For the fourth year running, Oxford and Reading remain the top-performing UK cities on PwC’s Good Growth for Cities 2019 index, followed by Southampton in third place. Although Reading has maintained its position in this year’s index, it has seen a decline in its overall index score, driven by poorer house price to earnings ratios, income inequality and a fall in new business formation.

This year’s index sees almost nine in ten cities in 2016- 2018 having scores higher than the average for all cities in our base year of 2011-2013, highlighting the rate of recovery since the financial crisis. There is strong employment growth, which reflects the continued decline in unemployment, as well as improvements in work-life balance, perhaps as a result of more flexible working patterns becoming more acceptable.

As testament to Bradford’s transformative performance within this year’s index PwC was delighted to announce, earlier this year, the opening of its new Assurance Centre in the city. The Centre is helping PwC continue to provide quality and exceptional client service in what are changing times, standardising work in key areas of our engagements better using technology through automation.

The Centre already employs 135 members of staff with the potential to increase this number creating further job opportunities in the city over the next few years.

As a whole, cities in Yorkshire and the North East perform well on; house price to earnings, where all nine cities score above the national average.
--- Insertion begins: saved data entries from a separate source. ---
Lemma b_unmatched : bc \notin Y.
Proof.
apply/negP => bY.
have : \sum_(x in bc |: zs false) cW x <= wage_h Y false.
  apply: ler_sum_subset => [|x _]; last exact: ltW (wage_gt0 x).
  rewrite subUset sub1set inE bY /=; apply/subsetP => _ /imsetP[i _ ->].
  by rewrite inE all_z_at_h0.
rewrite big_setU1 ?sum_wage_zs0 /=; last by apply/imsetP => -[].
have := Y_wage false; have := B'_range false; have := z_overflow; lra.
Qed.

Lemma h0_only_z : setH_ Y false \subset zs false.
Proof.
apply/subsetP => -[[[] [i|j]]|]; rewrite inE => /andP[xY /eqP //= _].
- exact: imset_f.
- by have := matching_doctor_inj Y_matching xY (all_x_at_h1 j) erefl.
- by have := b_unmatched; rewrite xY.
Qed.

Lemma no_z_at_h1_absurd : False.
Proof.
have nR_gt0 : 0 < n%:R :> R by rewrite ltr0n.
have /andP[B'_ge1 B'_le] := B'_range false.
set q := Num.truncn (n%:R * (B' false - beta)).
have /andP[q_le q_gt] : (q%:R : R) <= n%:R * (B' false - beta) < q.+1%:R.
  apply: truncn_itv; apply: mulr_ge0; first exact: ltW.
  by rewrite subr_ge0; apply: le_trans B'_ge1.
have q_le_p : (q <= p)%N.
  rewrite -(ler_nat R); apply/ltW/(le_lt_trans q_le)/(le_lt_trans _ p_large).
  by rewrite ler_pM2l // lerB.
rewrite -(card_zs false) in q_le_p; have [S S_z card_S] := exists_subset_card q_le_p.
have b_S : bc \notin S by apply/negP => /(subsetP S_z)/imsetP[].
have Zh x : x \in bc |: S -> cH x = false.
  by rewrite !inE => /orP[/eqP-> // | /(subsetP S_z)/imsetP[i _ ->]].
apply: (block_absurd Zh).
- move=> x; rewrite !inE => /orP[/eqP-> b_out | /(subsetP S_z)/imsetP[i _ -> ]].
    exact: pref_top.
  by rewrite all_z_at_h0.
- have := ler_sum_subset h0_only_z (fun x _ => ltW (value_gt0 x)).
  rewrite sum_value_zs0 => /le_lt_trans; apply.
  rewrite /futil big_setU1 //= (@sumr_const_in _ _ S _ (1 + n%:R^-1));
    last by move=> x /(subsetP S_z)/imsetP[i _ ->].
  rewrite card_S -natr1 in q_gt *.
  have q_large : n%:R * (1 - beta) < q%:R + 1.
    by apply: le_lt_trans q_gt; rewrite ler_pM2l // lerB.
  have q_gap : p%:R - q%:R < p%:R - n%:R * (1 - beta) + 1 by lra.
  have : (1 + n%:R^-1) * (p%:R - q%:R) < V.
    by apply: lt_le_trans V_large; rewrite ltr_pM2l // ltr_pwDl ?invr_ge0 ?ler0n.
  lra.
- rewrite big_setU1 //= (@sumr_const_in _ _ S _ n%:R^-1);
    last by move=> x /(subsetP S_z)/imsetP[i _ ->].
  have : (q%:R : R) * n%:R^-1 <= B' false - beta by rewrite ler_pdivrMr // mulrC.
  rewrite card_S; lra.
Qed.

End NoZAtH1.

Lemma some_z_at_h1 : exists i, zc true i \in Y.
Proof. by apply/existsP/contraT => /existsPn/no_z_at_h1_absurd. Qed.

Definition hired_x h : {set 'I_m} := [set j | xc h j \in Y].

Lemma wage_h0_with_b : bc \in Y ->
  wage_h Y false = beta + #|setH_ Y false :\ bc|%:R / n%:R.
Proof.
move=> bY; rewrite /wage_h (big_setD1 bc) ?inE ?bY //=.
by rewrite (@sumr_const_in _ _ _ _ n%:R^-1) //; apply: wage_h0_not_b.
Qed.

Definition free_x : {set 'I_m} := ~: (hired_x true :|: hired_x false).

Lemma card_free_x : (m <= #|free_x| + #|hired_x true| + #|setH_ Y false :\ bc|)%N.
Proof.
have h0_x : (#|hired_x false| <= #|setH_ Y false :\ bc|)%N.
  have x_inj : injective (fun j => xc false j) by move=> j j' [].
  rewrite -(card_imset _ x_inj); apply: subset_leq_card.
  by apply/subsetP => _ /imsetP[j + ->]; rewrite !inE => ->.
have := cardsC (hired_x true :|: hired_x false); rewrite card_ord.
have := (leq_card_setU (hired_x true) (hired_x false)).1.
rewrite /free_x; lia.
Qed.

Section ZAtH1.
Variable i : 'I_p.
Hypothesis zi_h1 : zc true i \in Y.

Lemma h0_full : B' false < wage_h Y false + n%:R^-1.
Proof.
rewrite ltNge; apply/negP => room.
have zi_out : zc false i \notin setH_ Y false by rewrite inE (negPf (z_not_at_both zi_h1)).
have Zh x : x \in zc false i |: setH_ Y false -> cH x = false.
  by rewrite !inE => /orP[/eqP-> | /andP[_ /eqP]].
apply: (block_absurd Zh).
- move=> x; rewrite !inE => /orP[/eqP-> zi_new | /andP[-> //]].
  exact: pref_top.
- rewrite /futil big_setU1 //= ltrDr; exact: value_gt0 (zc false i).
- by rewrite big_setU1 //= addrC.
Qed.

Lemma x_at_h0 : bc \notin Y -> exists j, xc false j \in Y.
Proof.
move=> b_out; apply/existsP/contraT => /existsPn no_x_h0.
have sub_zs : zc false i |: setH_ Y false \subset zs false.
  rewrite subUset sub1set imset_f //=; apply/subsetP => -[[[] [i'|j]]|];
    rewrite inE => /andP[xY /eqP //= _]; first exact: imset_f.
    by rewrite (negPf (no_x_h0 j)) in xY.
  by rewrite xY in b_out.
have := ler_sum_subset sub_zs (fun x _ => ltW (wage_gt0 x)).
have zi_out : zc false i \notin setH_ Y false by rewrite inE (negPf (z_not_at_both zi_h1)).
rewrite big_setU1 //= sum_wage_zs0 addrC => /(lt_le_trans h0_full).
have : p%:R / n%:R <= 1 :> R by rewrite ler_pdivrMr ?ltr0n // mul1r ler_nat.
have := B'_range false; lra.
Qed.

Lemma b_at_h0 : bc \in Y.
Proof.
apply/contraT => b_out; exfalso; have [j xj_h0] := x_at_h0 b_out.
have xj_Y0 : xc false j \in setH_ Y false by rewrite inE xj_h0.
set Z := zc false i |: (setH_ Y false :\ xc false j).
have zi_out : zc false i \notin setH_ Y false :\ xc false j.
  by rewrite !inE (negPf (z_not_at_both zi_h1)) andbF.
have Zh x : x \in Z -> cH x = false.
  by rewrite !inE => /orP[/eqP-> | /andP[_ /andP[_ /eqP]]].
apply: (block_absurd Zh).
- move=> x; rewrite !inE => /orP[/eqP-> zi_new | /andP[_ /andP[-> //]]].
  exact: pref_top.
- rewrite /futil big_setU1 //= (big_setD1 _ xj_Y0) /=.
  by rewrite ltrD2r ltrDl invr_gt0 ltr0n.
- have := Y_wage false; rewrite /wage_h (big_setD1 _ xj_Y0).
  by rewrite big_setU1.
Qed.

Lemma card_hired_x_h1 : #|hired_x true|%:R <= (1 + alpha - beta) * (m%:R : R).
Proof.
have sub_Y1 : zc true i |: [set xc true j | j in hired_x true] \subset setH_ Y true.
  rewrite subUset sub1set inE zi_h1 /=; apply/subsetP => _ /imsetP[j + ->].
  by rewrite !inE => ->.
have x_inj : injective (fun j => xc true j) by move=> j j' [].
have := le_trans (ler_sum_subset sub_Y1 (fun x _ => ltW (wage_gt0 x))) (Y_wage true).
rewrite big_setU1 /=; last by apply/imsetP => -[].
rewrite (@sumr_const_in _ _ _ _ m%:R^-1) ?card_imset //; last by move=> _ /imsetP[j _ ->].
rewrite -ler_pdivrMr ?ltr0n //; have := B'_range true; lra.
Qed.

Section BAtH0.
Hypothesis bY : bc \in Y.

Let t := #|setH_ Y false :\ bc|.
Let k := Num.truncn (n%:R * B' false - t%:R).

Lemma card_h0_not_b : t%:R <= n%:R * (B' false - beta).
Proof.
have := Y_wage false; rewrite wage_h0_with_b // -lerBrDl ler_pdivrMr ?ltr0n //.
by rewrite mulrC.
Qed.

Lemma truncn_h0_room : (k%:R : R) <= n%:R * B' false - t%:R < k.+1%:R.
Proof.
apply: truncn_itv; have := card_h0_not_b.
have : 0 <= n%:R * beta by rewrite mulr_ge0 // ltW.
lra.
Qed.

Lemma enough_free_x : (k <= #|free_x|)%N.
Proof.
suff : (k + t + #|hired_x true| <= m)%N.
  move/leq_trans/(_ card_free_x).
  by rewrite [X in (_ <= X)%N]addnAC -!addnA leq_add2r.
have /andP[_ B'_le] := B'_range false.
have B'_n : n%:R * B' false <= n%:R * (1 + alpha) by rewrite ler_pM2l ?ltr0n.
have /andP[k_le _] := truncn_h0_room.
have k_t : (k + t)%:R <= n%:R * B' false :> R by rewrite natrD; lra.
suff kt_J : (k + t)%:R + #|hired_x true|%:R <= (m%:R : R).
  by rewrite -(ler_nat R) natrD.
by move: k_t card_hired_x_h1 B'_n m_large; lra.
Qed.

Lemma b_at_h0_absurd : False.
Proof.
have [S S_free card_S] := exists_subset_card enough_free_x.
set T0 := setH_ Y false :\ bc; set hires := [set xc false j | j in S].
have hires_out x : x \in hires -> x \notin Y.
  by case/imsetP=> j /(subsetP S_free); rewrite !inE negb_or => /andP[_ +] ->.
have card_hires : #|hires| = k by rewrite card_imset // => j j' [].
have disj : [disjoint T0 & hires].
  rewrite disjoint_sym disjoint_subset; apply/subsetP => x /hires_out x_out.
  by rewrite !inE (negPf x_out) andbF.
have Zh x : x \in T0 :|: hires -> cH x = false.
  by rewrite !inE => /orP[/andP[_ /andP[_ /eqP]] | /imsetP[j _ ->]].
have /andP[_ k_gt] := truncn_h0_room.
apply: (block_absurd Zh).
- move=> x; rewrite !inE => /orP[/andP[_ /andP[-> //]] | /imsetP[j jS ->] _].
  apply: pref_unmatched => -[[h [i'|j']]|] //= yY; apply/eqP => -[jj']; subst j'.
  move: (subsetP S_free j jS); rewrite !inE negb_or.
  by case: h yY => ->; rewrite ?andbF.
- rewrite /futil (big_setD1 bc) ?inE ?bY //= -/T0 big_setU_disjoint // /=.
  rewrite (@sumr_const_in _ _ hires _ 1); last by move=> _ /imsetP[j _ ->].
  rewrite card_hires mulr1 addrC ltrD2l.
  by move: k_gt card_h0_not_b V_small; rewrite -natr1; lra.
- rewrite big_setU_disjoint //= (@sumr_const_in _ _ T0 _ n%:R^-1);
    last exact: wage_h0_not_b.
  rewrite (@sumr_const_in _ _ hires _ n%:R^-1); last by move=> _ /imsetP[j _ ->].
  have /andP[k_le _] := truncn_h0_room.
  rewrite card_hires -mulrDl -natrD ler_pdivrMr ?ltr0n // mulrC addnC natrD.
  by rewrite -/t; lra.
Qed.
Transport; where every city, bar Sheffield, score above the national average and income distribution, where eight out of nine cities score at or above average - in particular Hull which saw a notable rise of +1.63 compared to 2015 - 2017.

West Yorkshire is the only Combined Authority in the region to score above the national average, ranking fourth overall nationally and seeing the largest increase in its absolute score. Of the five Combined Authorities in the region Tees Valley ranks bottom overall, all five score above the national average for house price to earnings. The North East and Sheffield City Region Combined Authority areas are ranked 9th and 8th of a total of 10 across the UK.

Of the six LEP’s in the region only York, North Yorkshire and East Ridings score above the national average and ranks eighth out of 38 LEP areas. The region performs well on house price to earnings and transport, where all LEP areas score above the average relative to LEP’s nationally.

Since 2015 – 2017 the Northern Powerhouse* has experienced a substantial increase in the jobs component of the index, due to an actual increase in jobs resulting in a fall in unemployment . There have also been strong improvements in work-life balance, new businesses, environment and the skills of 25+ year olds.   

Will Richardson, PwC’s Leeds Office Senior Partner commented;

“The fact that Bradford has improved so much in this year’s index is testament to the rich vein of talent and skills the city has to offer employers overlaid with the right leadership and increasingly collaborative key stakeholder group.”

“Bradford is one of the largest cities in the UK, and the youngest city, offering a large and talented workforce that has so much to offer not just Northern Powerhouse growth but the UK’s economic growth too. When I’m asked why we chose Bradford as the destination for our new Assurance Centre my immediate response is ‘why not’. Helping to support inclusive growth by investing in Bradford drives right to the heart of our PwC Purpose and Social Mobility agenda.”

Bradford Council Chief Executive Kersten England said:

"We are delighted to be rated as the most improved city in this year's Good Growth Index. This is in part is recognition of our employment growth and the great quality of life in the district. This has come during a great year where there are many positives to point to - from great national businesses investing in the district such as the NEC and Channel 4 to our strong local businesses such as the growing EXA Networks in the IT sector and expanding high-tech engineering businesses such as Global Precision Engineering in Keighley.  The district has recently been rated by Barclays as the best city to start a business in the UK and we have welcomed the creation of over two thousand businesses in the first nine months of 2019. We know there is more to do and we are looking forward to building on this success."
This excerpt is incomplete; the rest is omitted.